Revenue Operations

Average Contract Value

The average annualised revenue generated per customer contract. ACV normalises deal size across contracts of different lengths and is the primary unit for quota-setting, pricing strategy, and commercial efficiency measurement in recurring-revenue businesses.

Also known as:

ACV, average deal size, average annual contract value

Average Contract Value (ACV) is the average annualised revenue generated per customer contract. It normalises deal size across contracts of different durations — a 24-month contract worth £48,000 has an ACV of £24,000, the same as a 12-month contract worth £24,000. ACV is the primary unit used for quota-setting, pricing strategy, and commercial efficiency measurement in recurring-revenue businesses.

ACV vs. TCV and ARR

ACV is often confused with two related metrics. Total Contract Value (TCV) is the full value of a contract over its entire term — ACV is TCV divided by years. Annual Recurring Revenue (ARR) is the total annualised recurring revenue from all live customers at a given point in time. ACV is a per-deal metric (average deal size, annualised); ARR is a portfolio metric (total recurring revenue in the book of business).

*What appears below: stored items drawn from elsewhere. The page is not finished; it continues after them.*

Section FixedPoint.
Variables (R : numFieldType) (d : N).
Hypothesis d_gt0 : (0 < d)%num.
Implicit Types (a b : N) (u v : R).

Definition fixr a : R := binr a / binr d.

Let binr_d_gt0 : 0 < binr d :> R := binr_gt0 R d_gt0.

Lemma fixr_ge0 a : 0 <= fixr a.
Proof. by rewrite divr_ge0 ?binr_ge0. Qed.

Lemma fixr_gt0 a : (0 < a)%num -> 0 < fixr a.
Proof. by move=> a0; rewrite divr_gt0 ?binr_gt0. Qed.

Lemma ler_fixr a b : (fixr a <= fixr b) = N.leb a b.
Proof. by rewrite ler_pM2r ?invr_gt0 // ler_binr. Qed.

Lemma ltr_fixr a b : (fixr a < fixr b) = N.ltb a b.
Proof. by rewrite ltr_pM2r ?invr_gt0 // ltr_binr. Qed.

Lemma fixrD a b : fixr (a + b)%num = fixr a + fixr b.
Proof. by rewrite /fixr binrD mulrDl. Qed.

Lemma fixr_scale : fixr d = 1.
Proof. by rewrite /fixr divff ?gt_eqF. Qed.

Lemma fixr_mul_up a b : fixr a * fixr b <= fixr (mul_up d a b).
Proof.
have bound : (a * b <= mul_up d a b * d)%num.
  have := N.div_mod (a * b + d - 1) d ltac:(lia).
  have := N.mod_lt (a * b + d - 1) d ltac:(lia).
  rewrite /mul_up; lia.
rewrite /fixr mulrACA -invfM ler_pdivrMr ?mulr_gt0 // mulrA divfK ?gt_eqF //.
by rewrite -!binrM ler_binr; apply/N.leb_le.
Qed.

Lemma fixr_mul_dn a b : fixr (mul_dn d a b) <= fixr a * fixr b.
Proof.
have bound : (mul_dn d a b * d <= a * b)%num.
  rewrite /mul_dn N.mul_comm; apply: N.mul_div_le; lia.
rewrite /fixr mulrACA -invfM ler_pdivlMr ?mulr_gt0 // mulrA divfK ?gt_eqF //.
by rewrite -!binrM ler_binr; apply/N.leb_le.
Qed.

Lemma pow_up_ge u w n : 0 <= u -> u <= fixr w -> u ^+ n <= fixr (pow_up d w n).
Proof.
move=> u0 uw; elim: n => [|n IH]; first by rewrite expr0 fixr_scale.
rewrite exprS /=; apply: le_trans (fixr_mul_up _ _).
by apply: ler_pM; rewrite ?exprn_ge0.
Qed.

Lemma pow_dn_le u w n : fixr w <= u -> fixr (pow_dn d w n) <= u ^+ n.
Proof.
move=> wu; elim: n => [|n IH]; first by rewrite expr0 fixr_scale.
rewrite exprS /=; apply: le_trans (fixr_mul_dn _ _) _.
by apply: ler_pM; rewrite ?fixr_ge0.
Qed.

Lemma foldl_pow_up_ge u w s : 0 <= u -> u <= fixr w ->
  u ^+ (\prod_(m <- s) m) <= fixr (foldl (pow_up d) w s).
Proof.
elim: s u w => [|m s IH] u w u0 uw /=; first by rewrite big_nil expr1.
rewrite big_cons exprM; apply: IH; first exact: exprn_ge0.
exact: pow_up_ge.
Qed.

Lemma foldl_pow_dn_le u w s : fixr w <= u ->
  fixr (foldl (pow_dn d) w s) <= u ^+ (\prod_(m <- s) m).
Proof.
elim: s u w => [|m s IH] u w wu /=; first by rewrite big_nil expr1.
by rewrite big_cons exprM; apply: IH; exact: pow_dn_le.
Qed.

Why ACV matters for go-to-market design

ACV largely determines the appropriate go-to-market model. At low ACV (sub-£5k), the cost of a human sales motion typically makes it uneconomic — product-led or low-touch digital approaches are required. At mid-range ACV (£10k–£50k), inside sales or mid-market AE motions are typical. At high ACV (£50k+), enterprise field sales with longer cycles and larger account teams become viable. Getting the ACV-to-sales-motion alignment wrong is one of the most common reasons early-stage SaaS businesses have unsustainable unit economics.

ACV as a lever, not a fixed constraint

Sales teams can actively influence ACV through pricing strategy, deal structuring, upsell capability, and qualification discipline. Reps who routinely discount to close are reducing ACV — and often doing so without improving close rates, since buyers who ask for discounts are typically responding to a weak value case rather than a genuine pricing objection. Teams that track and manage ACV by rep and segment identify commercial leakage that would be invisible in revenue-only reporting.

How Closing Foundry uses it

ACV is one of the primary inputs to the go-to-market architecture we design in Closing OS engagements. Before recommending a sales motion — inside sales, field sales, founder-led, or partner-led — we establish the expected ACV and model whether that motion is economically viable. Teams running an enterprise sales motion against an ACV of £8k will typically have unsustainable unit economics. We also track ACV by rep and segment to identify commercial leakage: sellers who consistently close below average ACV on comparable accounts are often discounting to close rather than building the value case. ACV is also a primary lever in commercial model redesign — pricing, packaging, and bundling decisions made during a Closing OS engagement are evaluated against their ACV impact before implementation.